The hktE/pgdx double mutants of H. influenzae Rd and Hib Eagan are extremely sensitive to supranormal concentrations of exogenously supplied H 2 O 2 , especially under conditions of low-complex nutrient availability. Susceptibilities of the wild-type and the hktE/pgdx double mutant strains of H. influenzae Rd and Hib Eagan to H2O2 were determined by the disk diffusion assay. Disks containing H2O2 were placed on lawns of exponential-phase pregrown bacteria spread over either sBHI or MIc agar plates and incubated overnight at 37°C under anaerobic conditions. Data represent the mean zone of inhibition (in millimeters) plus the standard error of the mean (SEM) calculated from three independent experiments.

Full size image

In summary, respiratory-generated H2O2 seems to affect growth of hydroperoxidase-deficient H. influenzae Rd by blocking the supply of cellular building blocks, resulting in bacteriostasis. It thus appears that hktE- pgdx- H. influenzae Rd prevents the continuously generated stream of H2O2 being bacteriocidal, either by limiting the ferrous iron-mediated chemical reduction to the extremely harmful hydroxyl radicals (Fenton chemistry [22, 23]) or perhaps by having particularly efficient DNA damage repair mechanisms.

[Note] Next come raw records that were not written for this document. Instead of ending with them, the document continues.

(* Let $A\in\mathbb{R}^{n\times n}$, $1\le K<n$, $\lambda>0$, and $g\in\mathcal{G}$ with Lipschitz constant $\ell>0$ for $g'$, and set $\rho=3\lambda\ell$. For the ADMM iterates $\{(X_k,Y_k,\Lambda_k)\}$ described in the context (arbitrary initialization), for every $k\ge 1$, $$\mathcal{L}_\rho(X_k,Y_k,\Lambda_k)-\mathcal{L}_\rho(X_{k+1},Y_{k+1},\Lambda_{k+1})\ge \frac{7\ell\lambda}{6}\|Y_{k+1}-Y_k\|_F^2 .$$
   Context: $\mathcal{P}_K$ denotes the set of real symmetric $n\times n$ matrices $X$ with $X^2=X$ and $\mathrm{rank}(X)=K$. $\mathcal{G}$ is the class of functions $g:\mathbb{R}\to\mathbb{R}$ that are continuously differentiable, nonnegative, convex, and satisfy $|g'(x_1)-g'(x_2)|\le \ell|x_1-x_2|$ for all $x_1,x_2$. $\langle M,N\rangle=\mathrm{trace}(M^TN)$, $\|\cdot\|_F$ is the Frobenius norm. The augmented Lagrangian is $\mathcal{L}_\rho(X,Y,\Lambda)=\|A-X\|_F^2+\lambda\sum_{i,j}g(Y_{ij})+\frac{\rho}{2}\|X-Y\|_F^2+\langle\Lambda,X-Y\rangle$. The ADMM iteration is: $X_{k+1}\in\arg\min_{X\in\mathcal{P}_K}\mathcal{L}_\rho(X,Y_k,\Lambda_k)$; $Y_{k+1}=\arg\min_{Y\in\mathbb{R}^{n\times n}}\mathcal{L}_\rho(X_{k+1},Y,\Lambda_k)$; $\Lambda_{k+1}=\Lambda_k+\rho(X_{k+1}-Y_{k+1})$. *)

From mathcomp Require Import all_boot all_algebra.
From mathcomp Require Import all_classical all_reals all_analysis.
Set Implicit Arguments. Unset Strict Implicit. Unset Printing Implicit Defensive.
Import GRing.Theory Num.Theory.
Import numFieldNormedType.Exports.
Local Open Scope ring_scope.

Definition frob2 (R : realType) (n : nat) (M : 'M[R]_n) : R :=
  \sum_(i < n) \sum_(j < n) (M i j) ^+ 2.

Definition minner (R : realType) (n : nat) (M N : 'M[R]_n) : R :=
  \tr (M^T *m N).

Definition in_PK (R : realType) (n K : nat) (X : 'M[R]_n) : Prop :=
  X^T = X /\ X *m X = X /\ \rank X = K.

Definition classG (R : realType) (g : R -> R) (ell : R) : Prop :=
  (forall x : R, derivable g x 1) /\
  (forall x : R, {for x, continuous (derive1 g)}) /\
  (forall x : R, 0 <= g x) /\
  (forall (x y t : R), 0 <= t <= 1 ->
      g (t * x + (1 - t) * y) <= t * g x + (1 - t) * g y) /\
  (forall x1 x2 : R, `| (derive1 g) x1 - (derive1 g) x2 | <= ell * `| x1 - x2 |).

Definition Lagr (R : realType) (n : nat) (A : 'M[R]_n) (lam : R) (g : R -> R)
  (rho : R) (X Y L : 'M[R]_n) : R :=
  frob2 (A - X) + lam * (\sum_(i < n) \sum_(j < n) g (Y i j))
  + rho / 2 * frob2 (X - Y) + minner L (X - Y).

From mathcomp Require Import all_boot all_algebra.
From mathcomp Require Import all_classical all_reals all_analysis.
From mathcomp Require Import ring lra.
Import order.Order.TTheory GRing.Theory Num.Theory numFieldNormedType.Exports.
Set Implicit Arguments.
Unset Strict Implicit.

Local Open Scope ring_scope.

(* The Lagrangian is separable over the entries of Y, and each entry of the
   Y-update minimizes the strongly convex scalar function
   phi(y) = lam g(y) + rho/2 (x - y)^2 + l (x - y).
   Optimality, lam g'(Y_(k+1)) = Lam_(k+1), turns the multiplier update into a
   Lipschitz image of the Y-update: |Lam_(k+1) - Lam_k| <= lam ell |Y_(k+1) - Y_k|.
   Hence the multiplier step raises L by at most (lam ell)^2/rho |dY|^2
   = lam ell/3 |dY|^2, the Y-step lowers it by at least rho/2 |dY|^2
   = 3 lam ell/2 |dY|^2, and the X-step does not raise it; 3/2 - 1/3 = 7/6. *)

Lemma is_derive0_global_min (R : realFieldType) (f : R -> R) (c : R) :
  (forall t, derivable f t 1) -> (forall t, f c <= f t) -> is_derive c 1 f 0.
Proof.
move=> df cmin; apply: (@derive1_at_min _ f (c - 1) (c + 1)) => //.
- by rewrite lerD2l; lra.
- by rewrite in_itv /=; apply/andP; split; lra.
Qed.

Lemma le_of_forall_mul1B (R : realFieldType) (a c : R) :
  (forall t, 0 < t -> t <= 1 -> c * (1 - t) <= a) -> c <= a.
Proof.
move=> H; have a_ge0 : 0 <= a by have := H 1 ltr01 (lexx 1); rewrite subrr mulr0.
have [//|a_lt_c] := lerP c a.
have c_gt0 : 0 < c by lra.
have t_gt0 : 0 < (c - a) / (2 * c) by apply: divr_gt0; lra.
have t_le1 : (c - a) / (2 * c) <= 1 by rewrite ler_pdivrMr; lra.
have := H _ t_gt0 t_le1.
have -> : c * (1 - (c - a) / (2 * c)) = (c + a) / 2 by field; lra.
lra.
Qed.

Section YSubproblem.
Variables (R : realType) (g : R -> R) (lam rho : R).

Definition ysub_obj (x l y : R) : R :=
  lam * g y + rho / 2 * (x - y) ^+ 2 + l * (x - y).

Hypothesis g_derivable : forall t, derivable g t 1.

Lemma is_derive_ysub_obj (x l y : R) :
  is_derive y 1 (ysub_obj x l) (lam * derive1 g y - rho * (x - y) - l).
Proof.
have : is_derive y 1 g (derive1 g y) by rewrite derive1E; exact: derivableP.
by move=> dg; apply: is_derive_eq; rewrite /GRing.scale /=; field.
Qed.

Lemma ysub_obj_min_derive (x l y : R) :
  (forall s, ysub_obj x l y <= ysub_obj x l s) ->
  lam * derive1 g y = l + rho * (x - y).
Proof.
move=> ymin.
have dphi0 : is_derive y 1 (ysub_obj x l) 0.
  apply: is_derive0_global_min => // t.
  by have ? := is_derive_ysub_obj x l t; exact: ex_derive.
have := @derive_val _ _ _ _ _ _ _ (is_derive_ysub_obj x l y).
rewrite (@derive_val _ _ _ _ _ _ _ dphi0); lra.
Qed.

Hypothesis g_convex : forall (x y t : R), 0 <= t <= 1 ->
  g (t * x + (1 - t) * y) <= t * g x + (1 - t) * g y.

(* Strong convexity with modulus rho, from the convexity of g alone. *)
Lemma ysub_obj_growth (x l y z : R) : 0 <= lam ->
  (forall s, ysub_obj x l y <= ysub_obj x l s) ->
  rho / 2 * (z - y) ^+ 2 <= ysub_obj x l z - ysub_obj x l y.
Proof.
move=> lam_ge0 ymin; apply: le_of_forall_mul1B => t t_gt0 t_le1.
set yt := t * z + (1 - t) * y.
have gyt : lam * g yt <= lam * (t * g z + (1 - t) * g y).
  by apply: ler_wpM2l => //; apply: g_convex; apply/andP; split; lra.
have chord : ysub_obj x l yt + t * (1 - t) * (rho / 2 * (z - y) ^+ 2)
    <= t * ysub_obj x l z + (1 - t) * ysub_obj x l y.
  have -> : t * ysub_obj x l z + (1 - t) * ysub_obj x l y
      = ysub_obj x l yt + t * (1 - t) * (rho / 2 * (z - y) ^+ 2)
        + (lam * (t * g z + (1 - t) * g y) - lam * g yt).
    by rewrite /ysub_obj /yt; ring.
  lra.
rewrite -(ler_pM2l t_gt0); have := ymin yt; lra.
Qed.

Variables (ell : R).
Hypotheses (lam_gt0 : 0 < lam) (ell_gt0 : 0 < ell) (rho_def : rho = 3 * lam * ell).
Hypothesis g'_lipschitz : forall x1 x2 : R,
  `| derive1 g x1 - derive1 g x2 | <= ell * `| x1 - x2 |.

Lemma ysub_obj_descent (x1 y0 y1 l0 l1 : R) :
  lam * derive1 g y0 = l0 ->
  (forall s, ysub_obj x1 l0 y1 <= ysub_obj x1 l0 s) ->
  l1 = l0 + rho * (x1 - y1) ->
  7 * ell * lam / 6 * (y1 - y0) ^+ 2 <= ysub_obj x1 l0 y0 - ysub_obj x1 l1 y1.
Proof.
move=> dual0 y1min l1_def.
have rho_gt0 : 0 < rho by rewrite rho_def !mulr_gt0.
have dual1 : lam * derive1 g y1 = l1 by rewrite l1_def; exact: ysub_obj_min_derive.
have y_step := ysub_obj_growth y0 (ltW lam_gt0) y1min.
have l_step : ysub_obj x1 l1 y1 - ysub_obj x1 l0 y1 = (l1 - l0) ^+ 2 / rho.
  by rewrite /ysub_obj l1_def; field; lra.
have l_jump : (l1 - l0) ^+ 2 <= (lam * ell) ^+ 2 * (y1 - y0) ^+ 2.
  have -> : l1 - l0 = lam * (derive1 g y1 - derive1 g y0) by rewrite mulrBr dual0 dual1.
  rewrite !exprMn -[X in _ <= X]mulrA; apply: ler_wpM2l; first exact: sqr_ge0.
  rewrite -real_normK ?num_real // -[(y1 - y0) ^+ 2]real_normK ?num_real // -exprMn.
  by rewrite ler_sqr ?nnegrE ?normr_ge0 ?mulr_ge0 ?(ltW ell_gt0) ?g'_lipschitz.
have l_step_le : (l1 - l0) ^+ 2 / rho <= lam * ell / 3 * (y1 - y0) ^+ 2.
  rewrite ler_pdivrMr // rho_def.
  by have -> : lam * ell / 3 * (y1 - y0) ^+ 2 * (3 * lam * ell)
      = (lam * ell) ^+ 2 * (y1 - y0) ^+ 2 by field.
rewrite -opprB sqrrN rho_def in y_step.
have -> : 7 * ell * lam / 6 * (y1 - y0) ^+ 2
    = 3 * lam * ell / 2 * (y1 - y0) ^+ 2 - lam * ell / 3 * (y1 - y0) ^+ 2 by field.
lra.
Qed.

End YSubproblem.

Section Separability.
Variables (R : realType) (n : nat).
Implicit Types (M X Y Z L : 'M[R]_n).

Lemma minnerE L M : minner L M = \sum_(i < n) \sum_(j < n) L i j * M i j.
Proof.
rewrite /minner /mxtrace exchange_big /=.
by apply: eq_bigr => j _; rewrite mxE; apply: eq_bigr => i _; rewrite !mxE.
Qed.

Variables (A : 'M[R]_n) (lam : R) (g : R -> R) (rho : R).

Lemma LagrE X Y L : Lagr A lam g rho X Y L =
  \sum_(p : 'I_n * 'I_n) ((A p.1 p.2 - X p.1 p.2) ^+ 2 +
                          ysub_obj g lam rho (X p.1 p.2) (L p.1 p.2) (Y p.1 p.2)).
Proof.
rewrite /Lagr /frob2 minnerE !pair_bigA !mulr_sumr -!big_split /=.
by apply: eq_bigr => p _; rewrite /ysub_obj !mxE; ring.
Qed.

Lemma Lagr_min_entry X Y L (p : 'I_n * 'I_n) :
  (forall Z, Lagr A lam g rho X Y L <= Lagr A lam g rho X Z L) ->
  forall s, ysub_obj g lam rho (X p.1 p.2) (L p.1 p.2) (Y p.1 p.2)
         <= ysub_obj g lam rho (X p.1 p.2) (L p.1 p.2) s.
Proof.
move=> Ymin s.
pose Z := \matrix_(i, j) if (i, j) == p then s else Y i j.
have := Ymin Z; rewrite !LagrE (bigD1 p) //= [X in _ <= X](bigD1 p) //=.
under [X in _ <= _ + X]eq_bigr => q qp do rewrite mxE -surjective_pairing (negbTE qp).
by rewrite mxE -surjective_pairing eqxx lerD2r lerD2l.
Qed.

End Separability.

Theorem lemma2 (R : realType) (n K : nat) (A : 'M[R]_n) (lam ell rho : R)
  (g : R -> R) (X Y Lam : nat -> 'M[R]_n) :
  (1 <= K)%N -> (K < n)%N -> 0 < lam -> 0 < ell -> classG g ell ->
  rho = 3 * lam * ell ->
  (* X-update: X_{k+1} is a minimizer of L_rho(., Y_k, Lam_k) over P_K *)
  (forall k : nat, in_PK K (X k.+1) /\
     (forall Z : 'M[R]_n, in_PK K Z ->
        Lagr A lam g rho (X k.+1) (Y k) (Lam k) <= Lagr A lam g rho Z (Y k) (Lam k))) ->
  (* Y-update: Y_{k+1} minimizes L_rho(X_{k+1}, ., Lam_k) over all matrices *)
  (forall (k : nat) (Z : 'M[R]_n),
     Lagr A lam g rho (X k.+1) (Y k.+1) (Lam k) <= Lagr A lam g rho (X k.+1) Z (Lam k)) ->
  (* multiplier update *)
  (forall k : nat, Lam k.+1 = Lam k + rho *: (X k.+1 - Y k.+1)) ->
  forall k : nat, (1 <= k)%N ->
    Lagr A lam g rho (X k) (Y k) (Lam k) - Lagr A lam g rho (X k.+1) (Y k.+1) (Lam k.+1)
    >= 7 * ell * lam / 6 * frob2 (Y k.+1 - Y k).
Proof.
move=> _ _ lam_gt0 ell_gt0 [g_der [_ [_ [g_convex g'_lip]]]] rho_def Xmin Ymin Lam_def.
case=> [//|k] _.
(* X_(k+2) is compared with the feasible point X_(k+1), hence k >= 1. *)
have X_step := (Xmin k.+1).2 _ (Xmin k).1.
suff : 7 * ell * lam / 6 * frob2 (Y k.+2 - Y k.+1) <=
    Lagr A lam g rho (X k.+2) (Y k.+1) (Lam k.+1)
    - Lagr A lam g rho (X k.+2) (Y k.+2) (Lam k.+2) by lra.
rewrite !LagrE /frob2 pair_bigA -sumrB mulr_sumr; apply: ler_sum => p _.
rewrite opprD addrACA subrr add0r !mxE; apply: ysub_obj_descent => //.
- rewrite Lam_def !mxE; apply: ysub_obj_min_derive => //; exact: Lagr_min_entry (Ymin k).
- exact: Lagr_min_entry (Ymin k.+1).
- by rewrite Lam_def !mxE.
Qed.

Crude hktE- pgdx- H. influenzae Rd cell extracts contain low-specific NAD(P)H peroxidase activity

Because PGdx reduces peroxides, while concomitantly oxidizing glutathione, direct spectrophotometric monitoring of in vitro PGdx activity is feasible by following the NADPH-dependent reduction of glutathione disulfide catalyzed by the flavoprotein glutathione reductase. By using t-butyl hydroperoxide (t-BOOH) as the peroxide substrate, the usefulness of this assay to enzymatically confirm the hktE pgdx double mutation was limited because of severe background activity, i.e. oxidation of the nicotinamide nucleotide reductant was already apparent in reaction mixtures solely containing NADPH, t-BOOH and crude extract. Similar NADPH-dependent peroxidase activity was observed for mixtures containing NADPH, H2O2 and crude extract. Because this in vitro peroxidatic activity conflicts with the previous conclusion that hktE- pgdx- H. influenzae Rd cells are totally devoid of H2O2-scavenging activity, we determined the kinetic parameters of the NADPH peroxidatic activity using crude extracts (Fig. 6). The saturation curves for the reducing substrates NADPH and NADH (Fig. 6A) yielded comparable specificities, with Km values resembling their in vivo concentrations (Km-NADPH = 37.4 μM; Km-NADH = 55.0 μM). On the other hand, the Km values for the oxidizing substrates t-BOOH (Km-t-BOOH = 5.6 mM) and H2O2 (Km-H2O2 = 1.1 mM) are far above physiologically relevant in vivo concentrations (Fig. 6B). In fact, the affinity constant for H2O2 is 3 orders of magnitude higher compared to the Km value of ~2 μM for PGdx catalyzed H2O2-reduction [15], likely explaining that this novel NAD(P)H:peroxide oxidoreductase activity is of minor importance when assaying the turnover of low micromolar concentration of H2O2 by whole hktE- pgdx- H. influenzae Rd cells.

Figure 6
figure6

The NAD(P)H:peroxide oxidoreductase activity found in crude extracts of hktE- pgdx- H. influenzae Rd cultures has physiologically relevant binding affinities for its reducing substrates NADPH and NADH, while being verylow specific with regard to the oxidizing peroxide substrates H 2 O 2 and t -BOOH. Michaelis-Menten representations of NAD(P)H:peroxide oxidoreductase activity with respect to varying concentrations of (A) reductants and (B) oxidants. Kinetic constants were calculated by fitting the data to the Michaelis-Menten equation using a non-linear curve fit. The amount of total protein used for each kinetic assay was 2.5 mg.

Full size image

For the NADPH:peroxide oxidoreductase activity to be a determinant factor for the hktE- pgdx- H. influenzae Rd cells remaining as fit under aerobic conditions in rich medium as their isogenic parent, one would expect this peroxidatic activity to be regulated in response to oxidative stress. So, NADPH peroxidatic activity was measured in crude extracts derived from wild-type and hktE- pgdx- H. influenzae Rd cultures using t-BOOH as the oxidizing substrate. For the purpose of the present study, monitoring the NADPH-dependent turnover of H2O2 would be more appropriate, however, the endogenous catalase activity of wild-type cells conflicts with this approach. No induction of NADPH-dependent t-BOOH peroxidase activity was apparent. In fact, from the recorded specific activities of 11.8 ± 1.3 nmol/min mg protein and 8.2 ± 2.1 nmol/min mg protein for wild-type and hktE- pgdx- H. influenzae Rd cell extracts respectively, it seems that NADPH:t-BOOH oxidoreductase activity is slightly repressed as the result of H2O2-stress.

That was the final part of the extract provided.